What lines of the data hold the string "mathbb"? Pull each one out.

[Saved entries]
--------------------------------

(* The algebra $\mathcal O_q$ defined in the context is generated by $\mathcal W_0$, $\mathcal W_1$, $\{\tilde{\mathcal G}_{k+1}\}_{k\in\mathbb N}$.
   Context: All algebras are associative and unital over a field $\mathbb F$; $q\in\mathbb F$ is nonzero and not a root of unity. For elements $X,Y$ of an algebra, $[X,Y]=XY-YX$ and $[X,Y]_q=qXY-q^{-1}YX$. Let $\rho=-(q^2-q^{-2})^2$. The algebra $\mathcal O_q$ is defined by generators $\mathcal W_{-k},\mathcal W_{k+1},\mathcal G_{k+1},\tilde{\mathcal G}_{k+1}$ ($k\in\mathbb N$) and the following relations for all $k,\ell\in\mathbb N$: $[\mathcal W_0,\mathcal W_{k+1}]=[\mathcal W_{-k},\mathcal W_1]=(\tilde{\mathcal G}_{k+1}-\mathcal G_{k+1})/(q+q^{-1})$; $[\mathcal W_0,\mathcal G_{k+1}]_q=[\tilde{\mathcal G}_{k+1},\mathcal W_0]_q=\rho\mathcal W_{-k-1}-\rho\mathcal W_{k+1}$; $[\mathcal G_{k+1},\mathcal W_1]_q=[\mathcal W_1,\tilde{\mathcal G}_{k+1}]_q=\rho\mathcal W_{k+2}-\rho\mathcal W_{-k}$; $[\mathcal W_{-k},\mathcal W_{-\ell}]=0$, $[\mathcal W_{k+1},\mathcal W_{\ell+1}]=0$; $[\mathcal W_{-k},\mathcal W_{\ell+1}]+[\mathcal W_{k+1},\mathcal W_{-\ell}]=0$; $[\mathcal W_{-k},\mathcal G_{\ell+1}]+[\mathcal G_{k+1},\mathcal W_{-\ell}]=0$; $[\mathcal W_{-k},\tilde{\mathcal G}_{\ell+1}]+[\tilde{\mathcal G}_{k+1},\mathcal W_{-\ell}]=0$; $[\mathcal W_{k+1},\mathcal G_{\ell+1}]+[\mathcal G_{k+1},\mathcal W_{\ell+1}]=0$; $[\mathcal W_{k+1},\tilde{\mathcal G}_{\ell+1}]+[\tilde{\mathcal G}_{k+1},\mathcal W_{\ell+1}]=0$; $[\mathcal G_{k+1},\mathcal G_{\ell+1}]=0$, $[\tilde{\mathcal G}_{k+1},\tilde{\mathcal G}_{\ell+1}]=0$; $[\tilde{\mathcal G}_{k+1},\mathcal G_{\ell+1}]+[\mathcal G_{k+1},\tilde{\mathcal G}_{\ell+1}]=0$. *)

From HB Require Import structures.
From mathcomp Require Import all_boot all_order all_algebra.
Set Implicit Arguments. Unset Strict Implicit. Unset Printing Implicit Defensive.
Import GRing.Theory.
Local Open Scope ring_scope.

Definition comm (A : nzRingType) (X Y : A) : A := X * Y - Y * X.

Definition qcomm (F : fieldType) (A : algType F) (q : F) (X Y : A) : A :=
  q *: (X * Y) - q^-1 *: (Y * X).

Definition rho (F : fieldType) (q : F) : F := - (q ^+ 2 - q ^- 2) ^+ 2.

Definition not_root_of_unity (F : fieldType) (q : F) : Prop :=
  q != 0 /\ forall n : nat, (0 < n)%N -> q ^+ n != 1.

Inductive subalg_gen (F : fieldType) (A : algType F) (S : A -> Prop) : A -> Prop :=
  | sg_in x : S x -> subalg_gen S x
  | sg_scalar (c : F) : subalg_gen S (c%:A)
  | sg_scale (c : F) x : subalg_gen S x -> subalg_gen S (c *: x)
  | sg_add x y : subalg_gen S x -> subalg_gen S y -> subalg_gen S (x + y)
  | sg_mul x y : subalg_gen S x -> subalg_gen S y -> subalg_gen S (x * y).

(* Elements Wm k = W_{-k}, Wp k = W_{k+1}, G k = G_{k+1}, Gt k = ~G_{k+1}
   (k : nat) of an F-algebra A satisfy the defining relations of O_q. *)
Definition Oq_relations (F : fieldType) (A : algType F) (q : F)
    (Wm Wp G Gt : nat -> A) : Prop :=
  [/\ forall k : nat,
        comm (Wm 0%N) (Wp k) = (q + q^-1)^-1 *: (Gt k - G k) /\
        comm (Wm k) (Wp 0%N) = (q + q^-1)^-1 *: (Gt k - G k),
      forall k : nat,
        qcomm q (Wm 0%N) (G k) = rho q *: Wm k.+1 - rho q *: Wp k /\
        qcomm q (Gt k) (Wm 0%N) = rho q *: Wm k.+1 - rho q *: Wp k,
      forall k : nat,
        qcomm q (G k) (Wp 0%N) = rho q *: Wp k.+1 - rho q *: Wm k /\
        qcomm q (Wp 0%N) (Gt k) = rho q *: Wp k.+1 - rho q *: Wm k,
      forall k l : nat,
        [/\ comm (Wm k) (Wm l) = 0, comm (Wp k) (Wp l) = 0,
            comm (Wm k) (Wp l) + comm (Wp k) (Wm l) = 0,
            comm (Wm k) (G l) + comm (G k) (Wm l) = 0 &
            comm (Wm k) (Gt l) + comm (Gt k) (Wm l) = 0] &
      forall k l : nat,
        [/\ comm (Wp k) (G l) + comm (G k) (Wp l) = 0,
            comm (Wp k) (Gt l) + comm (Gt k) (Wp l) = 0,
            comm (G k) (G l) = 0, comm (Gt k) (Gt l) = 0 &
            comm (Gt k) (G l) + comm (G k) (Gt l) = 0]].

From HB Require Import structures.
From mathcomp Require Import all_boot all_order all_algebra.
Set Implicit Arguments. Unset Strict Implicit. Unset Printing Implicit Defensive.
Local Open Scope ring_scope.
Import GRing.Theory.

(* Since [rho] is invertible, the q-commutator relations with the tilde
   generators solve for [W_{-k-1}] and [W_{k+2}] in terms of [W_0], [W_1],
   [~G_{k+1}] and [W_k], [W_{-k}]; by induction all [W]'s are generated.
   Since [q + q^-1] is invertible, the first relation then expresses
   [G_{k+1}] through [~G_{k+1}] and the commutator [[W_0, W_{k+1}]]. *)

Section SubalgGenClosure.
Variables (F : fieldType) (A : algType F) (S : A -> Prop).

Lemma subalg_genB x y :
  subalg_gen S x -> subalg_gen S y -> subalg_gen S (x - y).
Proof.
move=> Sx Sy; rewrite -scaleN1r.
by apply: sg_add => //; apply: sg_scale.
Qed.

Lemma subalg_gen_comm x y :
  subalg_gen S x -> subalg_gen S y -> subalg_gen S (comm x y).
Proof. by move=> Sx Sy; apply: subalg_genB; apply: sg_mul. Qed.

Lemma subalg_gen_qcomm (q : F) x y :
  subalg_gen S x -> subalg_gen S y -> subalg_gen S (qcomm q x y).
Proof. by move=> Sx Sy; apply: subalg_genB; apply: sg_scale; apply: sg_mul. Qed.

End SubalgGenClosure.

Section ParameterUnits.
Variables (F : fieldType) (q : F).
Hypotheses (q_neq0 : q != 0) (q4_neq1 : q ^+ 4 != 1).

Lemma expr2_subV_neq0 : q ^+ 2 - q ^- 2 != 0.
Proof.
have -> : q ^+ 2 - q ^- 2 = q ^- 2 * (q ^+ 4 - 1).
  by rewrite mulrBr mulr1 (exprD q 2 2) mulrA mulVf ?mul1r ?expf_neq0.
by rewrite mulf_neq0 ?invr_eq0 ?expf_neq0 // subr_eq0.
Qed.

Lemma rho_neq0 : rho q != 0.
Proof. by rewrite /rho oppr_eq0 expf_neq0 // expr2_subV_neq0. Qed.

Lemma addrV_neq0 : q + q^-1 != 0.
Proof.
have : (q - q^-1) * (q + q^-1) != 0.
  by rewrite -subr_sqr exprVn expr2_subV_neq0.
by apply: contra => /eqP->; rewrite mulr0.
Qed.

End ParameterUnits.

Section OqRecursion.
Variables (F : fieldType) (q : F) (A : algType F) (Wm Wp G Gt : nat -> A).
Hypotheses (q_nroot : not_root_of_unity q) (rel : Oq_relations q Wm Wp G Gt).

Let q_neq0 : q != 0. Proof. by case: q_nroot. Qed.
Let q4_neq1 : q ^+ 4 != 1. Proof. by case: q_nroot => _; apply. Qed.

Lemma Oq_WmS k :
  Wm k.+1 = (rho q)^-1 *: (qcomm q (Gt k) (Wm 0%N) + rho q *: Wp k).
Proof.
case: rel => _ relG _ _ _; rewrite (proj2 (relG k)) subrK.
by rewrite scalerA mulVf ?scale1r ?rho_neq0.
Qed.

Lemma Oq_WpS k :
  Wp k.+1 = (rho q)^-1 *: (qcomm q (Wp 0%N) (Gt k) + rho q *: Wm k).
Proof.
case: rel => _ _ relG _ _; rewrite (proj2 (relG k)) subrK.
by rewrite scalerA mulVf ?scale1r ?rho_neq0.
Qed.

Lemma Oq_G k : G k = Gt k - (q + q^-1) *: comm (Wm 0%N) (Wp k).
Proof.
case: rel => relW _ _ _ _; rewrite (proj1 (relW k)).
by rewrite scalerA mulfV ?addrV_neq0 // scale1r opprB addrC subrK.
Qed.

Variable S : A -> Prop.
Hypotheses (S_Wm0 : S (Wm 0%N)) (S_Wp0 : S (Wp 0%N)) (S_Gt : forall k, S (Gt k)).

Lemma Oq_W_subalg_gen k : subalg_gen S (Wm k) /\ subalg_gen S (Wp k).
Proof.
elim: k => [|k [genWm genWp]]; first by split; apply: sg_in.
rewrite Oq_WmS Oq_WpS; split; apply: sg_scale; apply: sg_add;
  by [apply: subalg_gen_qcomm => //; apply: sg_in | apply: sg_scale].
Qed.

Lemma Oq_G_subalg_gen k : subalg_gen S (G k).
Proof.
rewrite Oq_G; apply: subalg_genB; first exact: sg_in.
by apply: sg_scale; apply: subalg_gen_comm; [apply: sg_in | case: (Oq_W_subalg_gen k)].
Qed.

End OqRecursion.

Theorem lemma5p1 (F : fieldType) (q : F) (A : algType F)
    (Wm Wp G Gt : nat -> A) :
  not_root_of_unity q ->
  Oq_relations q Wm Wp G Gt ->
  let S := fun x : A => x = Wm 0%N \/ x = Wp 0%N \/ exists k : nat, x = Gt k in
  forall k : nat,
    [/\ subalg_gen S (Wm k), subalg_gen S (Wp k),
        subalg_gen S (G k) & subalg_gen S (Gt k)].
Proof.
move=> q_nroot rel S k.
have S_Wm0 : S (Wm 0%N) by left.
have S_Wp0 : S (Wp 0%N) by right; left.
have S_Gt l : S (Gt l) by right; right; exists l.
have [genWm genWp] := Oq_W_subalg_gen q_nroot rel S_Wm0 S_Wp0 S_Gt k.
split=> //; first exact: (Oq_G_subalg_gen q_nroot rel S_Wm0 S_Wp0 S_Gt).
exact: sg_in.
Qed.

--------------------------------

WRITTEN RESPONSE ▸
(* The algebra $\mathcal O_q$ defined in the context is generated by $\mathcal W_0$, $\mathcal W_1$, $\{\tilde{\mathcal G}_{k+1}\}_{k\in\mathbb N}$.
   Context: All algebras are associative and unital over a field $\mathbb F$; $q\in\mathbb F$ is nonzero and not a root of unity. For elements $X,Y$ of an algebra, $[X,Y]=XY-YX$ and $[X,Y]_q=qXY-q^{-1}YX$. Let $\rho=-(q^2-q^{-2})^2$. The algebra $\mathcal O_q$ is defined by generators $\mathcal W_{-k},\mathcal W_{k+1},\mathcal G_{k+1},\tilde{\mathcal G}_{k+1}$ ($k\in\mathbb N$) and the following relations for all $k,\ell\in\mathbb N$: $[\mathcal W_0,\mathcal W_{k+1}]=[\mathcal W_{-k},\mathcal W_1]=(\tilde{\mathcal G}_{k+1}-\mathcal G_{k+1})/(q+q^{-1})$; $[\mathcal W_0,\mathcal G_{k+1}]_q=[\tilde{\mathcal G}_{k+1},\mathcal W_0]_q=\rho\mathcal W_{-k-1}-\rho\mathcal W_{k+1}$; $[\mathcal G_{k+1},\mathcal W_1]_q=[\mathcal W_1,\tilde{\mathcal G}_{k+1}]_q=\rho\mathcal W_{k+2}-\rho\mathcal W_{-k}$; $[\mathcal W_{-k},\mathcal W_{-\ell}]=0$, $[\mathcal W_{k+1},\mathcal W_{\ell+1}]=0$; $[\mathcal W_{-k},\mathcal W_{\ell+1}]+[\mathcal W_{k+1},\mathcal W_{-\ell}]=0$; $[\mathcal W_{-k},\mathcal G_{\ell+1}]+[\mathcal G_{k+1},\mathcal W_{-\ell}]=0$; $[\mathcal W_{-k},\tilde{\mathcal G}_{\ell+1}]+[\tilde{\mathcal G}_{k+1},\mathcal W_{-\ell}]=0$; $[\mathcal W_{k+1},\mathcal G_{\ell+1}]+[\mathcal G_{k+1},\mathcal W_{\ell+1}]=0$; $[\mathcal W_{k+1},\tilde{\mathcal G}_{\ell+1}]+[\tilde{\mathcal G}_{k+1},\mathcal W_{\ell+1}]=0$; $[\mathcal G_{k+1},\mathcal G_{\ell+1}]=0$, $[\tilde{\mathcal G}_{k+1},\tilde{\mathcal G}_{\ell+1}]=0$; $[\tilde{\mathcal G}_{k+1},\mathcal G_{\ell+1}]+[\mathcal G_{k+1},\tilde{\mathcal G}_{\ell+1}]=0$. *)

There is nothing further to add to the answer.